> **Work request**:
In the entries below, find every line with the string "fullv" and copy it.

> **Stored data**:

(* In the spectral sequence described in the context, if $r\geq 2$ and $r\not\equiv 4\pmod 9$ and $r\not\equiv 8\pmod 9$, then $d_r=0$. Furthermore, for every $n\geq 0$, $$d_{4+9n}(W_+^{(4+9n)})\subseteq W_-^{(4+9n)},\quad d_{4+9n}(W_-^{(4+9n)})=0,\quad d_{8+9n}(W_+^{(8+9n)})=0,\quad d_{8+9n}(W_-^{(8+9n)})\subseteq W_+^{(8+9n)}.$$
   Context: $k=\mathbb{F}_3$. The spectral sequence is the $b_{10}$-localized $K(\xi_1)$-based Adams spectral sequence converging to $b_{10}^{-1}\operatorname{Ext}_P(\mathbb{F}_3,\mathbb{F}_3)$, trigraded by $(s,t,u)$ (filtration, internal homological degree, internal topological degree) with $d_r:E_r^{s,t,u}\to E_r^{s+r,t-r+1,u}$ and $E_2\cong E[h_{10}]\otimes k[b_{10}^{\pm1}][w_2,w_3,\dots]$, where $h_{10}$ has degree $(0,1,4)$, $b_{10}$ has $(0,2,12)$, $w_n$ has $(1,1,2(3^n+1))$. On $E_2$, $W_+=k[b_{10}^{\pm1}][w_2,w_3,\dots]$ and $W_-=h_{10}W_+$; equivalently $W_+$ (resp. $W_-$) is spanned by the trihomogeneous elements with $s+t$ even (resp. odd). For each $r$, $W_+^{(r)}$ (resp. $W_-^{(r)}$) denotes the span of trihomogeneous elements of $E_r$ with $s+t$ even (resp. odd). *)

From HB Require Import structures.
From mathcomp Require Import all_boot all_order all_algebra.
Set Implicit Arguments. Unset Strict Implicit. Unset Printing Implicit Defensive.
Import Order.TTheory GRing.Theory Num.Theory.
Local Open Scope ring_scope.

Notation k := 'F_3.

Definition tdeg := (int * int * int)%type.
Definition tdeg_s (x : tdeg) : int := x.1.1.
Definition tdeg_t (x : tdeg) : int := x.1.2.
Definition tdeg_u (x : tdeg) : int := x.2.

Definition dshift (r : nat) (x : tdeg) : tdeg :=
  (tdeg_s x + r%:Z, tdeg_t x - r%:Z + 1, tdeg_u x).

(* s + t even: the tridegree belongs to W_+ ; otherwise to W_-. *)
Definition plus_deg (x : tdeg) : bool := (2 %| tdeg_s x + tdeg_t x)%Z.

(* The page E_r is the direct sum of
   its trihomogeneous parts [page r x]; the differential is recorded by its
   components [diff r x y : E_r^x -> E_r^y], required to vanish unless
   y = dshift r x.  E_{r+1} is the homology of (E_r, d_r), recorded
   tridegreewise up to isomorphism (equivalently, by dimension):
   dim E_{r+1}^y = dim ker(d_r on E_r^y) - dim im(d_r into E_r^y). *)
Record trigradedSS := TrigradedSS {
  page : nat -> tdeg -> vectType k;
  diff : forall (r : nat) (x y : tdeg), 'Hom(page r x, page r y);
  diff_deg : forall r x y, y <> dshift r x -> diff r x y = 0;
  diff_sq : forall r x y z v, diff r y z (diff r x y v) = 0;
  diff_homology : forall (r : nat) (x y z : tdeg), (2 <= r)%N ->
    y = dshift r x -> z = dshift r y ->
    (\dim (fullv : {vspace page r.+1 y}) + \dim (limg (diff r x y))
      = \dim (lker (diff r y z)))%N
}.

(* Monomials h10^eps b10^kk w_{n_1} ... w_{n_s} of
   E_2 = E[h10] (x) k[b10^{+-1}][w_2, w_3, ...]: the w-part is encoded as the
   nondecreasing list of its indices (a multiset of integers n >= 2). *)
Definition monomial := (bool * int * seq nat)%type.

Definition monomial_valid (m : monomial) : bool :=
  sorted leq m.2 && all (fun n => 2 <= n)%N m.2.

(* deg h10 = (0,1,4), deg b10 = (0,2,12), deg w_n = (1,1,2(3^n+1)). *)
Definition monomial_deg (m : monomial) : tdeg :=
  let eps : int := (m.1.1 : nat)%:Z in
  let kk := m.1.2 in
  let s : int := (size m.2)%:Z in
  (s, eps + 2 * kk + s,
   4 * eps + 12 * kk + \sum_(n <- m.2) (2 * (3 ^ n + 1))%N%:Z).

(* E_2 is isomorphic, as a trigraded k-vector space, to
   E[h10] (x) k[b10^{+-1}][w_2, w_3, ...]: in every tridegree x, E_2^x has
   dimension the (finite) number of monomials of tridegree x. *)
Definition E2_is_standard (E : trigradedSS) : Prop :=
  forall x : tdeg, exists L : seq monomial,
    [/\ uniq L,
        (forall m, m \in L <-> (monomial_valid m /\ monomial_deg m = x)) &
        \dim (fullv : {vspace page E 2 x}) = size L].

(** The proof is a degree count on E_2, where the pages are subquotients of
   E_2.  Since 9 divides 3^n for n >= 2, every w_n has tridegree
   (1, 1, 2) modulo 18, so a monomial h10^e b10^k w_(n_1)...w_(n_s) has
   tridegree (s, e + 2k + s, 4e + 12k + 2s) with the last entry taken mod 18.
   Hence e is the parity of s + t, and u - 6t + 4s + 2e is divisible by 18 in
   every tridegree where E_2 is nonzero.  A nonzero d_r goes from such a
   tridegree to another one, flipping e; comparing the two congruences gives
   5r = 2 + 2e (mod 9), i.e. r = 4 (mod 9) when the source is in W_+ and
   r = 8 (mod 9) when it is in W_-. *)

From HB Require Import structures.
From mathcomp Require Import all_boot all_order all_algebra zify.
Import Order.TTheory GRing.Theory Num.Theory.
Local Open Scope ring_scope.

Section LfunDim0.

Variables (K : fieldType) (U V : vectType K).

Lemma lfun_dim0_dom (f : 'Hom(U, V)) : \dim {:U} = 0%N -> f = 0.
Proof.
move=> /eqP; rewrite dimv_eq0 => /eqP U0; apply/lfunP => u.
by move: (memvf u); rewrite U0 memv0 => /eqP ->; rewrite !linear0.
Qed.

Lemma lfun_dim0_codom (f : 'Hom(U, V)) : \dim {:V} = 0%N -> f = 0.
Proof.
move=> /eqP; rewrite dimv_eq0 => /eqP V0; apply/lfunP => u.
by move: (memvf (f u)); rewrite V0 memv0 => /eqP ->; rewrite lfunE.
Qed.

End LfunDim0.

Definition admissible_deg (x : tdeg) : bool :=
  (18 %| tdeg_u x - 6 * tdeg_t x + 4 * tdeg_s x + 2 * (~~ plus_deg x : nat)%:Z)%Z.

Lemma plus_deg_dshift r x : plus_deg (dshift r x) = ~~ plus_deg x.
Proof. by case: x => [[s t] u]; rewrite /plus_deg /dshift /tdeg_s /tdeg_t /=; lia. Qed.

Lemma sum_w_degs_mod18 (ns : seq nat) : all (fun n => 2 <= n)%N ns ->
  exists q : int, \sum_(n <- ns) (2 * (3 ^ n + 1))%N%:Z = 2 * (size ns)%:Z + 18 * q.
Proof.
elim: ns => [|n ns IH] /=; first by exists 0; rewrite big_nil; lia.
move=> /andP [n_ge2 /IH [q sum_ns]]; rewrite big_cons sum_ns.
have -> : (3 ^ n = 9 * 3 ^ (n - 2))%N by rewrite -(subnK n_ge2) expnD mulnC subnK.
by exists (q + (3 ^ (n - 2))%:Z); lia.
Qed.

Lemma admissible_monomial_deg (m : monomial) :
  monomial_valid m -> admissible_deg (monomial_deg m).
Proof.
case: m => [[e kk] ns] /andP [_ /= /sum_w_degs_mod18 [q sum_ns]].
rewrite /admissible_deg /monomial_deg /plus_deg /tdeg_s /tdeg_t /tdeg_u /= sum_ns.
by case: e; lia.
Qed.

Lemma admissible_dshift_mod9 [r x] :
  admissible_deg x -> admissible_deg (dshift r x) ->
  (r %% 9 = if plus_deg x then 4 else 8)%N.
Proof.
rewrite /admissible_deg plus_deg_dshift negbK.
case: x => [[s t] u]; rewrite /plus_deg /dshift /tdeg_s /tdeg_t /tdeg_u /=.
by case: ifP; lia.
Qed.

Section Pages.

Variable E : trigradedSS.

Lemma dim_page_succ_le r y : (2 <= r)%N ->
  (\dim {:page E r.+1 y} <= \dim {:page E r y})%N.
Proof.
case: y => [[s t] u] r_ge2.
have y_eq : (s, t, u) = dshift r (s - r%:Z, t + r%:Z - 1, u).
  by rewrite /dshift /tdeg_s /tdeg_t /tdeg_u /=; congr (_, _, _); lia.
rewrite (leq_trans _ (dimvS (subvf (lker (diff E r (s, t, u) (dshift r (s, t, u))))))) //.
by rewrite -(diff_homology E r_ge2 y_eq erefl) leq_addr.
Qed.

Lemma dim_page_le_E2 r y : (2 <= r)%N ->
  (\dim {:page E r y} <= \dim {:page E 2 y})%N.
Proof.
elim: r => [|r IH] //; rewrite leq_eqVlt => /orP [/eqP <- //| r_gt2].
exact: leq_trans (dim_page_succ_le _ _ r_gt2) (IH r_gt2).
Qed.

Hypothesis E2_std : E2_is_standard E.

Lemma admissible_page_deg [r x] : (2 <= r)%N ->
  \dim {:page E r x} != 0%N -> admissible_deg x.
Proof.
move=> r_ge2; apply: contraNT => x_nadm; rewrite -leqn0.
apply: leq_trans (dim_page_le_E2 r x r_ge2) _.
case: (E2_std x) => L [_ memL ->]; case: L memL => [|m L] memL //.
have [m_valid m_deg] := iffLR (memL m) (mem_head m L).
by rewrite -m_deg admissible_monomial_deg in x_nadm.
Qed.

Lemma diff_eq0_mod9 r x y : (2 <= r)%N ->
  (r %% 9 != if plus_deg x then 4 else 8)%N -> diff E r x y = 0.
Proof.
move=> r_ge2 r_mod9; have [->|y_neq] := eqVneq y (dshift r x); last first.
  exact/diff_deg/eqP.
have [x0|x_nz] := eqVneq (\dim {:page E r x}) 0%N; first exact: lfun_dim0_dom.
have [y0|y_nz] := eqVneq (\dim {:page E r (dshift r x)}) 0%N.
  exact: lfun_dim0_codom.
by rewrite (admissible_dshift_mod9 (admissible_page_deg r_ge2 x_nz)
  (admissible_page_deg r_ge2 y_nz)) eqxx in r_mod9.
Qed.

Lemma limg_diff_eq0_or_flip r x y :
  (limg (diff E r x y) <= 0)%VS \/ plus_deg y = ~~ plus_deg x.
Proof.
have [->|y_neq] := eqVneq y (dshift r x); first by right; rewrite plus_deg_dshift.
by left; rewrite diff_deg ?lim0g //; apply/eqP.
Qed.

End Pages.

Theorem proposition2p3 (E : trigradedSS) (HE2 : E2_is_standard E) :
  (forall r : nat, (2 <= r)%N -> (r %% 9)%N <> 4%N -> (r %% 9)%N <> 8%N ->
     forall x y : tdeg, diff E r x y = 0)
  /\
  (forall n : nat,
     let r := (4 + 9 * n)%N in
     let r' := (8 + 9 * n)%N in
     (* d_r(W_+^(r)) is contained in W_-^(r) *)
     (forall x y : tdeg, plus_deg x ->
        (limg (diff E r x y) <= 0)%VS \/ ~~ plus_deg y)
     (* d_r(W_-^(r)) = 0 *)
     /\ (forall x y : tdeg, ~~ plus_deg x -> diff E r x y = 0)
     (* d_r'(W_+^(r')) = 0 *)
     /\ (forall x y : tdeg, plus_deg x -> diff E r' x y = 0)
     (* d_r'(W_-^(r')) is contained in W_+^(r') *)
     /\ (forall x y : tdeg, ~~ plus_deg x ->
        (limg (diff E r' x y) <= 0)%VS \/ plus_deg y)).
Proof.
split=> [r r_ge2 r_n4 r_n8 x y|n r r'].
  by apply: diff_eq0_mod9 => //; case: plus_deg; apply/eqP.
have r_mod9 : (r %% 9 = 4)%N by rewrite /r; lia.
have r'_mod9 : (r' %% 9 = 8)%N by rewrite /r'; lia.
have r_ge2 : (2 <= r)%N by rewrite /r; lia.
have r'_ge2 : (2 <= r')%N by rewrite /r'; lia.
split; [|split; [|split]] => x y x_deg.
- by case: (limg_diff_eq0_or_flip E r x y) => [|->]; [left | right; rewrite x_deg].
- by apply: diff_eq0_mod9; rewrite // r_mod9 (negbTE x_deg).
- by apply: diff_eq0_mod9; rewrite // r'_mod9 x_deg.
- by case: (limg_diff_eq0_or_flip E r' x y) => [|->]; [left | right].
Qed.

> **Exercise answer**:
    (\dim (fullv : {vspace page r.+1 y}) + \dim (limg (diff r x y))
        \dim (fullv : {vspace page E 2 x}) = size L].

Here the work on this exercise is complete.